▶ _PROBLEM TO WORK ON_:
Lines outside the range are not wanted. Give again exactly the lines between the line holding "piecewise_lipschitz (c - t)" and the line holding "- rewrite Nat.sub_0_r, Hm; auto.", inclusive, from the listing below.

▶ _EXTRACTED ENTRIES_:
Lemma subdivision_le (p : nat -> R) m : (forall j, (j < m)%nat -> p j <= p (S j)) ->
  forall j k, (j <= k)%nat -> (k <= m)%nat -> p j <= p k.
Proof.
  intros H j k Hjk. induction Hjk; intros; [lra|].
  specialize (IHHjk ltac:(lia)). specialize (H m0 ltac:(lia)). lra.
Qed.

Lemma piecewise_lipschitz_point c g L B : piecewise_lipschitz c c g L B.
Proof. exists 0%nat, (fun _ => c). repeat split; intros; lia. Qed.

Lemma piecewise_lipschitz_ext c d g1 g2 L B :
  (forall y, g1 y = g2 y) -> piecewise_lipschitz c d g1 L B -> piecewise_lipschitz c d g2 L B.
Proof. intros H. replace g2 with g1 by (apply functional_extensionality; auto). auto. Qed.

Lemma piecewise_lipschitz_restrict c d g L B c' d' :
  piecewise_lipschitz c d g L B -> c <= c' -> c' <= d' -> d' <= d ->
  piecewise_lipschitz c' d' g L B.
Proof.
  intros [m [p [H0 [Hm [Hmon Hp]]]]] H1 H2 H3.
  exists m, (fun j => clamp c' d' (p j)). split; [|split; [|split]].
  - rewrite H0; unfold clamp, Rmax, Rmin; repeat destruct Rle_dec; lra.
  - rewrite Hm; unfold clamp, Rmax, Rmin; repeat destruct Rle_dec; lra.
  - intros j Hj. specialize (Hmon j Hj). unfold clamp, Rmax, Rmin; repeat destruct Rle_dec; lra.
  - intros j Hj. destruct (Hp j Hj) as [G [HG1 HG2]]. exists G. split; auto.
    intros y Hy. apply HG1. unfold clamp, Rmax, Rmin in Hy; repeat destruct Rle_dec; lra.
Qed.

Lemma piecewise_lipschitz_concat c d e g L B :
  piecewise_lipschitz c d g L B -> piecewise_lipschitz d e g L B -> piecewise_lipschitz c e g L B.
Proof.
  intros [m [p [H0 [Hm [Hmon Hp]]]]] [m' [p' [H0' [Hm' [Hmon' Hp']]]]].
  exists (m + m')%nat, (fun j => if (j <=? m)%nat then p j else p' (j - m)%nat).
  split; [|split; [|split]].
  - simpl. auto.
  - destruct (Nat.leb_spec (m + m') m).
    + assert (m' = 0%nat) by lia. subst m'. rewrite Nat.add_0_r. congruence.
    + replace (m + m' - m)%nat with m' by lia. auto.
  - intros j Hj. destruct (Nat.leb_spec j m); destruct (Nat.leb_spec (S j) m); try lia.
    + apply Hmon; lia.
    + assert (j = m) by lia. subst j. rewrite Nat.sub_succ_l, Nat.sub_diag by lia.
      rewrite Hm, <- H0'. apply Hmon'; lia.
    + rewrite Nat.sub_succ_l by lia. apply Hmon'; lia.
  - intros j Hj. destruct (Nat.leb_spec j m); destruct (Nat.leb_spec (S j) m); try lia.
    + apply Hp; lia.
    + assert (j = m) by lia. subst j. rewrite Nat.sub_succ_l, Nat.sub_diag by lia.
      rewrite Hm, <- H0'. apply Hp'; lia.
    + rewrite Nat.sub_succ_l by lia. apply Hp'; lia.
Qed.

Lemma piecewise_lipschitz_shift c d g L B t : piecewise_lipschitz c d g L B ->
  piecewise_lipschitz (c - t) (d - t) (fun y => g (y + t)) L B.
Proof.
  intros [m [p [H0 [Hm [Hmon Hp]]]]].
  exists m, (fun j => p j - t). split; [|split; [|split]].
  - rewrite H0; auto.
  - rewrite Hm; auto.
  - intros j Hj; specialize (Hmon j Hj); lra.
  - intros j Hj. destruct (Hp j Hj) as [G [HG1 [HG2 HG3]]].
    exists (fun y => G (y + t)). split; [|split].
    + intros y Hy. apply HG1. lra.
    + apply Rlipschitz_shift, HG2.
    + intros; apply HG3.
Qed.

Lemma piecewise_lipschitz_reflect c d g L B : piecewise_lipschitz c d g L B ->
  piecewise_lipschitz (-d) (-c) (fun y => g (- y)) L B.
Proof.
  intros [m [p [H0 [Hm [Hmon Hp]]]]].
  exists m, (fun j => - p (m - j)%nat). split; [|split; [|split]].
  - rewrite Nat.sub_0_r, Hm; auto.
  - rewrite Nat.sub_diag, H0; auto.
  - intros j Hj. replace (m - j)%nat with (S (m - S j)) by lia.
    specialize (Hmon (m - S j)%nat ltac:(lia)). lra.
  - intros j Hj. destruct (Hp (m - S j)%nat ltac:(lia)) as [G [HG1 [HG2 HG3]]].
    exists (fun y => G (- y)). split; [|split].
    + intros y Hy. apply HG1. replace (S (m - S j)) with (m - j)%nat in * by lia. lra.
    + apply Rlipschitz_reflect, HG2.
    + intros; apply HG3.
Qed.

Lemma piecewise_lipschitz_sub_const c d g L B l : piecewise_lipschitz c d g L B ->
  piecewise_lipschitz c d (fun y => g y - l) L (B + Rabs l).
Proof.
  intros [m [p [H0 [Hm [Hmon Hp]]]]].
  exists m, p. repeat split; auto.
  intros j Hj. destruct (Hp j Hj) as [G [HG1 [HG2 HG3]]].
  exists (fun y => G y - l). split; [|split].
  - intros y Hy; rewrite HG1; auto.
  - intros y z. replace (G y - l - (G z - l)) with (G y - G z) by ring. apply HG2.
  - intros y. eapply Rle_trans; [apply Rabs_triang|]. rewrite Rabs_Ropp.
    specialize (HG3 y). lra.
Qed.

▶ _REPLY TO THE TASK_:
  piecewise_lipschitz (c - t) (d - t) (fun y => g (y + t)) L B.
Proof.
  intros [m [p [H0 [Hm [Hmon Hp]]]]].
  exists m, (fun j => p j - t). split; [|split; [|split]].
  - rewrite H0; auto.
  - rewrite Hm; auto.
  - intros j Hj; specialize (Hmon j Hj); lra.
  - intros j Hj. destruct (Hp j Hj) as [G [HG1 [HG2 HG3]]].
    exists (fun y => G (y + t)). split; [|split].
    + intros y Hy. apply HG1. lra.
    + apply Rlipschitz_shift, HG2.
    + intros; apply HG3.
Qed.

Lemma piecewise_lipschitz_reflect c d g L B : piecewise_lipschitz c d g L B ->
  piecewise_lipschitz (-d) (-c) (fun y => g (- y)) L B.
Proof.
  intros [m [p [H0 [Hm [Hmon Hp]]]]].
  exists m, (fun j => - p (m - j)%nat). split; [|split; [|split]].
  - rewrite Nat.sub_0_r, Hm; auto.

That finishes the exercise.